It’s a serious talent to make a 4×6 piece of photography interesting. According to a BHC study, 80% of photographs are uninteresting to 95% of people who live in 90% of the lower 48. There are several explanations for this, most of which you should look at with a weary eye. The Native Americans will tell you one thing, baristas will tell you another, and carnies will tell you yet another. None of which are true. There is only one truth, that which is about to be expelled from my finger tips.
The current make up of photographs can be understood by the graph to the right.
There are a handful of professional photographers making beautiful photographs; the kind you look at and say, “This photograph reminds me of the time I fell in the pond at grandma’s house in the fourth grade and accidentally swallowed a small-to-medium sized fish that came out in my poo three days later. I can smell it.”
Then there are three fistfuls of amateur photographers who think they are professional, but aren’t because they aren’t that good. They took one photography course in high school and love photographing autumn days in black and white which makes no sense because the point of taking photographs in autumn is to capture the color of the leaves in the trees. These photographers bring the professionals down and minimize their slice of the pie.

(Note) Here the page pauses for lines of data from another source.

(* The relation $\preceq_{d+1}$ is a partial order on the set of simplices on $\gamma_d$.
   Context: $\gamma_d=\{(t,t^2,\dots,t^d):t\in\mathbb{R}\}$. A simplex on $\gamma_d$ is a finite subset $\sigma\subseteq\gamma_d$ with $|\sigma|\le d+1$, identified with $\mathrm{conv}(\sigma)$. Simplices overlap in $\mathbb{R}^d$ if $\mathrm{conv}(\sigma)\cap\mathrm{conv}(\tau)\supsetneq\mathrm{conv}(\sigma\cap\tau)$. For $\sigma=\{\gamma_d(t_1),\dots,\gamma_d(t_k)\}$ the lifting is $\hat\sigma=\{\gamma_{d+1}(t_i)\}$ and the height function $h_\sigma:\mathrm{conv}(\sigma)\to\mathbb{R}$ assigns to $p$ the last coordinate of the point of $\mathrm{conv}(\hat\sigma)$ projecting to $p$. Write $\sigma<_{d+1}\tau$ if $\sigma,\tau$ overlap in $\mathbb{R}^d$ and $h_\sigma\le h_\tau$ on $\mathrm{conv}(\sigma)\cap\mathrm{conv}(\tau)$. Define $\sigma\preceq_{d+1}\tau$ if $\sigma=\tau$ or there exist $k\ge1$ and simplices $\sigma=\sigma_0<_{d+1}\sigma_1<_{d+1}\dots<_{d+1}\sigma_k=\tau$ on $\gamma_d$. *)

From HB Require Import structures.
From mathcomp Require Import all_boot all_order all_algebra.
From mathcomp Require Import finmap.
From mathcomp Require Import boolp classical_sets reals.
From Stdlib Require Import Relations.

Unset Implicit Arguments.
Unset Strict Implicit.
Unset Printing Implicit Defensive.

Import Order.TTheory GRing.Theory Num.Theory.
Local Open Scope ring_scope.
Local Open Scope classical_set_scope.

Section Defs.
Variable R : realType.

Definition gamma (n : nat) (t : R) : 'rV[R]_n := \row_(i < n) t ^+ i.+1.

(* A simplex on gamma_d is given by its finite set of parameters T
   (sigma = {gamma_d(t) : t in T}); gamma_d is injective for d >= 1. *)
Definition is_simplex (d : nat) (T : {fset R}) : Prop := (#|` T| <= d.+1)%N.

Definition conv_pts (n : nat) (f : R -> 'rV[R]_n) (T : {fset R}) : set 'rV[R]_n :=
  [set p | exists l : R -> R,
     (forall t, t \in T -> 0 <= l t) /\
     \sum_(t <- T) l t = 1 /\
     p = \sum_(t <- T) l t *: f t].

Next we have the largest group — the serial shooters. They go to the beach or to parties or to beach parties with their Nikon CoolPix camera that they bought because Ashton is totally cute or their Sony Cybershot camera they bought because Sony used to make a sweet Walkman back in the day and they trust their quality. They shoot and shoot and shoot and shoot like an overeager eight year old with a brand new cap gun that their mom bought them from the Pirates of the Caribbean shop at Disney World. 341 of their 465 photographs are only interesting to them because they are in them. 123 of their 465 photographs are either accidental pictures of carpets or butts or shoulders, random photographs taken by strangers, or include no one that they know. These 123 photographs are useless and will never make it onto Facebook. And one in 465 photographs is this photograph, the one worth keeping. It will most likely be thrown in with the 123 photographs that are deemed useless.
And then we have the Polaroids, all of which are this photograph. Polaroids are gold. Everything looks better as a Polaroid. No matter what the subject. No matter what the setting. No matter what the time period. Polaroids make everything interesting.
Proof:
*I have no photographic authority and probably shouldn’t be making any claims pertaining to photography. Believe the baristas.